Бриллиант дышал, манил, завораживал.
— Что это? — шепотом спросила Катенька.
— «Черный могол»!.. Прекрасный и страшный! Из-за него погиб князь Брянский.
— Откуда он у вас?
— Не твое свинское дело! — слегка покачиваясь, ответила бывшая прима и захлопнула крышку. — Он бесценен!.. И если я продам его, то обеспечу всю свою жизнь!.. Куплю все и вся! Даже этот поганый склеп!.. Со всеми потрохами! Даже с княжной вместе!.. Ты не веришь? — спросила она, заметив удивленный взгляд прислуги.
— Верю, госпожа, — ответила та смиренно. — Но лучше мы поговорим об этом завтра.
— Поговорим? — изумилась актриса. — Это я с тобой должна «поговорить»? А кто ты такая, что я должна с тобой разговаривать?

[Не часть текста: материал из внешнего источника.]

Lemma dexpr_bound n p e ks (V : vect n p) a s :
  dexpr e ks V -> eval_expr e s <= col_bound (fun r => mrank (V r a)) expr_poly s.
Proof.
case=> [i i' k|i i' k|i i'|i] /=.
- apply: leq_trans (leq_subr (s i') (s i)) (leq_trans (leq_addr (s i') (s i)) _).
  exact: addsub_bound (addsub_vect_levels i i' k a).
- exact: addsub_bound (addsub_vect_levels i i' k a).
- set c := fun r => _.
  have ci r : r = i \/ r = i' -> 2 <= c r.
    by rewrite /c /vadd /vsingle /cst; case=> ->; rewrite eqxx; [case: (i == i')|case: (i' == i)].
  have := leq_mul (lvl_ge s (ci i (or_introl erefl))) (lvl_ge s (ci i' (or_intror erefl))).
  rewrite /col_bound /expr_poly; lia.
- rewrite /col_bound (leq_trans _ (leq_addr _ _)) // (leq_trans _ (leq_maxl _ _)) //.
  by apply: lvl_ge; rewrite /vsingle /cst eqxx.
Qed.

Lemma dcmd_mwp_sound n p (C : cmd n) ks (M : mat n p) a :
  dcmd C ks M -> (forall i j, rk M a i j <= 3) -> mwp_sound C (rk M a).
Proof.
elim=> {C ks M} [j e ks V eV _ | C1 C2 ks1 ks2 M1 M2 _ IH1 _ IH2 fin
  | b C1 C2 ks1 ks2 M1 M2 _ IH1 _ IH2 fin | l C ks M _ IH fin | b C ks M _ IH fin].
- apply: (mwp_sound_assign poly_bounded_expr_poly) => [k kj | s].
    by rewrite /rk /replace_col (negbTE kj) /unit_mx eqxx.
  have [eh _ _] := poly_bounded_expr_poly.
  rewrite (leq_trans (dexpr_bound a s eV)) // col_bound_homo // => r.
  by rewrite /rk /replace_col eqxx.
- have [fin1 fin2] := mmul_mx_finite fin.
  exact: mwp_sound_seq (IH1 fin1) (IH2 fin2) (dominates_mmul_mx M1 M2 a).
- have le1 i j : rk M1 a i j <= rk (madd_mx M1 M2) a i j by rewrite rk_madd_mx leq_maxl.
  have le2 i j : rk M2 a i j <= rk (madd_mx M1 M2) a i j by rewrite rk_madd_mx leq_maxr.
  have fin1 i j : rk M1 a i j <= 3 := leq_trans (le1 i j) (fin i j).
  have fin2 i j : rk M2 a i j <= 3 := leq_trans (le2 i j) (fin i j).
  exact: mwp_sound_if (IH1 fin1) (IH2 fin2) le1 le2.
- apply: mwp_sound_loop (IH (no_inf_star_body fin)) (no_inf_diag_m fin) (dominates_star M a) _ _.
    exact: rk_le_closure_rule.
  exact: no_inf_p_row fin.
- apply: mwp_sound_while (IH (no_inf_star_body fin)) (no_inf_diag_m fin) (dominates_star M a) _ _.
    exact: rk_le_closure_rule.
  exact: no_inf_inf_p fin.
Qed.

Theorem corollary11 (n p : nat) (P : cmd n) (M : mat n p) :
  derivable P M ->
  (exists a : choice p, forall i j : 'I_n, mx_at M a i j <> Minf) ->
  exists q : polyE n, forall (s s' : store n), exec P s s' ->
    forall j : 'I_n, s' j <= peval q s.
Proof.
move=> [ks [dM _ _]] [a M_finite].
have M_fin i j : rk M a i j <= 3 by move: (M_finite i j); rewrite /rk /mx_at; case: (M i j a).
exact: mwp_sound_poly (dcmd_mwp_sound dM M_fin).
Qed.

— Вы неверно меня поняли, госпожа.
— Я — Бессмертная! Прима оперетты! На меня ломился весь Петербург! Я хоть завтра могу пойти в этот смрадный театришко, и они мозгами двинутся, что я снова на сцене! Театр опять оживет, потому что мне нет равных! — Табба наклонилась к прислуге, взяла ее за воротничок, притянула к себе, зашептала: — Я недавно была в театре! Они меня не узнали, а я всех этих тварей увидела! Эта ничтожная мразь… бездарь… Изюмов в швейцарской ливрее — кланяется, скалится, приглашает, заискивает, ручки всем лижет. А Гаврила Емельянович, скопище лжи и предательства, тут же визиточку сунул! Звоните, приходите. — Она ударила по столику кулаком. — Вот вам всем! Не дождетесь! Я если и войду в театр, то совершенно с другого входа.
— А может, вам и вправду стоит вернуться в театр? — с надеждой спросила Катенька.
— А вот это уж нет! — поводила актриса пальцем перед ее лицом. — Увольте! Телега под названием «театр» проехала! Я теперь живу другой, совершенно другой жизнью! Тізі даже не догадываешься какой.
Прислуга неожиданно насторожилась, поднесла палец к губам.
— Кажется, госпожа.
— Пойди глянь.
Пока Катенька ходила глянуть, что происходит в доме, Табба торопливо подошла к серванту, спрятала бриллиант, вернулась на место.
Катенька, вернувшись, доложила:
— Княжна провожает князя Андрея. Как бы к нам не заглянула.
— Закройся на ключ и не открывай.
Девушка выполнила приказание, принялась убирать со стола посуду.
— Я его убью, — неожиданно произнесла Табба.
— Кого?
— Князя Андрея.
— За что?
— За то, что я для него пустое место.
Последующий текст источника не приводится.